New Zealand has actively promoted the end of impunity for the most horrific crimes of violence affecting women such as those committed in times of armed conflict, including systematic rape, or sexual slavery. We are pleased to acknowledge the election of seven women judges to the recently established International Criminal Court. This is a significant development, and we hope that as a result of the establishment of this court, and the inclusion of women and experts on the human rights of women, that the international community will be better equipped to respond robustly to such gross violations of women’s rights.

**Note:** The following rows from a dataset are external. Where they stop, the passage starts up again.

Definition skew (T : tree) : Prop :=
  forall s t, T s -> T t -> splitting T s -> splitting T t ->
    size s = size t -> s = t.

(* number of splitting predecessors of s (splitting nodes properly contained in s) *)
Definition nsplitpred (T : tree) (s : seq bool) : nat :=
  count (fun i => `[< splitting T (take i s) >]) (iota 0 (size s)).

Definition has_node_with (T : tree) (n k : nat) : Prop :=
  exists s, [/\ T s, size s = k & nsplitpred T s = n].

(* h_T(n) = min{k : some node of T of length k has n splitting predecessors}
   (default 0 if no such k exists, which never happens for perfect T) *)
Definition hT (T : tree) (n : nat) : nat :=
  match pselect (exists k, `[< has_node_with T n k >]) with
  | left H => ex_minn H
  | right _ => 0
  end.

Definition le_star (g f : nat -> nat) : Prop :=
  exists N, forall n, N <= n -> g n <= f n.

Definition addseq (x : cantor) (s : seq bool) : seq bool :=
  [seq xorb (nth false s i) (x i) | i <- iota 0 (size s)].
Definition shift (x : cantor) (T : tree) : tree :=
  [set t | exists2 s, T s & t = addseq x s].

Definition compatible (S T : tree) : Prop :=
  exists R, [/\ perfect_tree R, R `<=` S & R `<=` T].

Definition subtree_at (T : tree) (s : seq bool) : tree :=
  [set t | T t /\ (prefix t s \/ prefix s t)].

Definition somewhere_dense (S T : tree) : Prop :=
  exists2 s, T s & subtree_at T s `<=` S.

(* (I, lt) is (order-isomorphic to) omega_1: a strict well-order, uncountable,
   all of whose proper initial segments are countable *)
Definition is_omega1 (I : Type) (lt : I -> I -> Prop) : Prop :=
  [/\ (forall a, ~ lt a a),
      (forall a b c, lt a b -> lt b c -> lt a c),
      (forall a b, lt a b \/ a = b \/ lt b a) &
      well_founded lt] /\
  (~ countable (@setT I) /\ (forall a, countable [set b | lt b a])).

Definition scale_family (I : Type) (lt : I -> I -> Prop) (g : I -> nat -> nat) : Prop :=
  (forall a b, lt a b -> le_star (g a) (g b)) /\
  (forall f : nat -> nat, exists a, ~ le_star (g a) f).

Definition union_matrix (I : Type) (M : I -> set tree) : set tree :=
  [set T | exists a, M a T].

Definition prop_i (I : Type) (M : I -> set tree) : Prop :=
  forall T, union_matrix M T -> perfect_tree T /\ skew T.
Definition prop_ii (I : Type) (g : I -> nat -> nat) (M : I -> set tree) : Prop :=
  forall a T, M a T -> le_star (g a) (hT T).
Definition prop_iii (I : Type) (G : set cantor) (M : I -> set tree) : Prop :=
  forall a S T, M a S -> M a T -> S <> T ->
    forall x, G x -> ~ compatible (shift x S) T.
Definition prop_iv (I : Type) (G : set cantor) (M : I -> set tree) : Prop :=
  forall T, perfect_tree T ->
    countable [set p : cantor * tree |
                 [/\ G p.1, union_matrix M p.2 & somewhere_dense (shift p.1 p.2) T]].

From mathcomp Require Import all_boot all_order.
From mathcomp Require Import boolp classical_sets cardinality.
Set Implicit Arguments. Unset Strict Implicit. Unset Printing Implicit Defensive.
Local Open Scope classical_set_scope.

(* Fix a node s of the perfect tree T.  If T_s is contained in x + S with S in level a,
   then splitting nodes of T_s are carried to splitting nodes of S, so h_S <= h_{T_s}
   pointwise and g_a <=* h_{T_s}; as the g_a are unbounded and <=*-increasing, only
   countably many levels a can occur for s.  Within one level, S is determined by (iii)
   (distinct S, S' of the level would make (x + x') + S compatible with S'), and then x
   is determined because a skew tree has at most one splitting node of each length.
   Summing over the countably many nodes s gives (iv). *)

Lemma size_addseq x s : size (addseq x s) = size s.
Proof. by rewrite size_map size_iota. Qed.

Lemma nth_addseq x s i : i < size s ->
  nth false (addseq x s) i = xorb (nth false s i) (x i).
Proof. by move=> lt_is; rewrite (nth_map 0) ?size_iota // nth_iota. Qed.

Lemma take_addseq x n s : take n (addseq x s) = addseq x (take n s).
Proof.
apply: (@eq_from_nth _ false); first by rewrite size_addseq !size_take size_addseq.
move=> i; rewrite size_take_min size_addseq ltn_min => /andP[lt_in lt_is].
by rewrite nth_take // !nth_addseq ?size_take_min ?ltn_min ?lt_in // nth_take.
Qed.
Lemma reduceS_rel u v n :
  relS A I lt fs psi u v -> normal (fst n) -> reduceS u n = reduceS v n.
Proof.
  destruct n as [r b]. intros H hs. simpl in hs.
  destruct H as [[a [a' [-> ->]]] | [[a [i [e [-> ->]]]] | [[p [q [e [d [hqp [-> ->]]]]]] | [q [e [-> ->]]]]]].
  - rewrite reduceS_wordA. simpl. now rewrite gmulA.
  - change (inr (i, e) :: wordA A I (psi i e (proj1_sig a)))
      with ([inr (i, e)] ++ wordA A I (psi i e (proj1_sig a))).
    rewrite reduceS_app, reduceS_wordA. simpl. unfold psil; simpl. now rewrite psi_hom, gmulA.
  - rewrite reduceS_app, reduceS_wordA. simpl.
    destruct (insert_comm r hs (p, e) (q, d) hqp) as [E1 E2]. f_equal; [exact E1|].
    rewrite !psil_hom, gmulA, E2. change (fs p e q d) with (fsl (p, e) (q, d)).
    autorewrite with grp. do 2 f_equal. symmetry. now apply cond4.
  - simpl. destruct (insert_inv r hs (q, e)) as [E1 E2]. unfold linv in E1, E2. simpl in E1, E2.
    f_equal; [exact E1|]. rewrite psil_hom, gmulA, E2, gmul1l. apply cond5.
Qed.
Lemma reduceS_cong u v : cS u v -> forall n, normal (fst n) -> reduceS u n = reduceS v n.
Proof.
  induction 1 as [u l r v H | w | w1 w2 _ IH | w1 w2 w3 _ IH1 _ IH2]; intros n hn.
  - rewrite !reduceS_app. f_equal. apply reduceS_rel; [exact H | now apply reduceS_normal].
  - reflexivity.
  - symmetry. auto.
  - rewrite IH1 by exact hn. auto.
Qed.

Lemma reduceB_app u v r : reduceB u (reduceB v r) = reduceB (v ++ u) r.
Proof. unfold reduceB. now rewrite fold_left_app. Qed.
Lemma reduceB_normal w : forall r, normal r -> normal (reduceB w r).
Proof. induction w as [|x w IH]; intros r h; [exact h | apply IH, insert_normal, h]. Qed.
Lemma reduceB_cong u v : cB u v -> forall r, normal r -> reduceB u r = reduceB v r.
Proof.
  induction 1 as [u l r v H | w | w1 w2 _ IH | w1 w2 w3 _ IH1 _ IH2]; intros r0 hr.
  - rewrite <- !reduceB_app. f_equal.
    pose proof (reduceB_normal u r0 hr) as hu.
    destruct H as [[p [q [e [d [hqp [-> ->]]]]]] | [q [e [-> ->]]]].
    + exact (proj1 (insert_comm _ hu (p, e) (q, d) hqp)).
    + exact (proj1 (insert_inv _ hu (q, e))).
  - reflexivity.
  - symmetry. auto.
  - rewrite IH1 by exact hr. auto.
Qed.

Definition nf (u : list gS) : list L * A := reduceS u ([], gone).
Definition nf_word (n : list L * A) : list gS := map inr (rev (fst n)) ++ wordA A I (snd n).

Lemma nf_sound u : cS u (nf_word (nf u)).
Proof.
  unfold nf, nf_word. induction u as [|g u IH] using rev_ind.
  { simpl. rewrite wordA_one. apply cong_refl. }
  rewrite reduceS_app. destruct (reduceS u ([], gone)) as [r b]. simpl in IH |- *.
  eapply cong_trans; [apply cong_appl, IH|]. rewrite <- app_assoc.
  destruct g as [a|x]; simpl.
  - apply cong_appr. rewrite <- wordA_sig. apply wordA_mul.
  - eapply cong_trans; [apply cong_appr, wordA_letter|]. rewrite app_assoc.
    eapply cong_trans; [apply cong_appl, insert_sound|].
    rewrite <- app_assoc. apply cong_appr, wordA_mul.
Qed.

Mr Chair, we welcomed the release of the Secretary-General’s report on “women, peace and security” in October 2002. This important study has highlighted the particular impact of armed conflict, and its aftermath, on women and girls. It calls for the involvement of women in the negotiation of peace agreements and the need for gender sensitivity and inclusion of women in peacekeeping operations. We now urge states and all of the relevant UN agencies to work actively to ensure that the report’s recommendations are implemented.
New Zealand is committed to combating people smuggling and trafficking, with a particular focus on the Asia-Pacific region. This commitment is underlined by our ratification of the Protocol to the UN Convention Against Transnational Organised Crime on the Trafficking of Women and Children and the Smuggling of Migrants, and enactment of legislation to ensure that people smuggling and trafficking crimes attract stiff penalties.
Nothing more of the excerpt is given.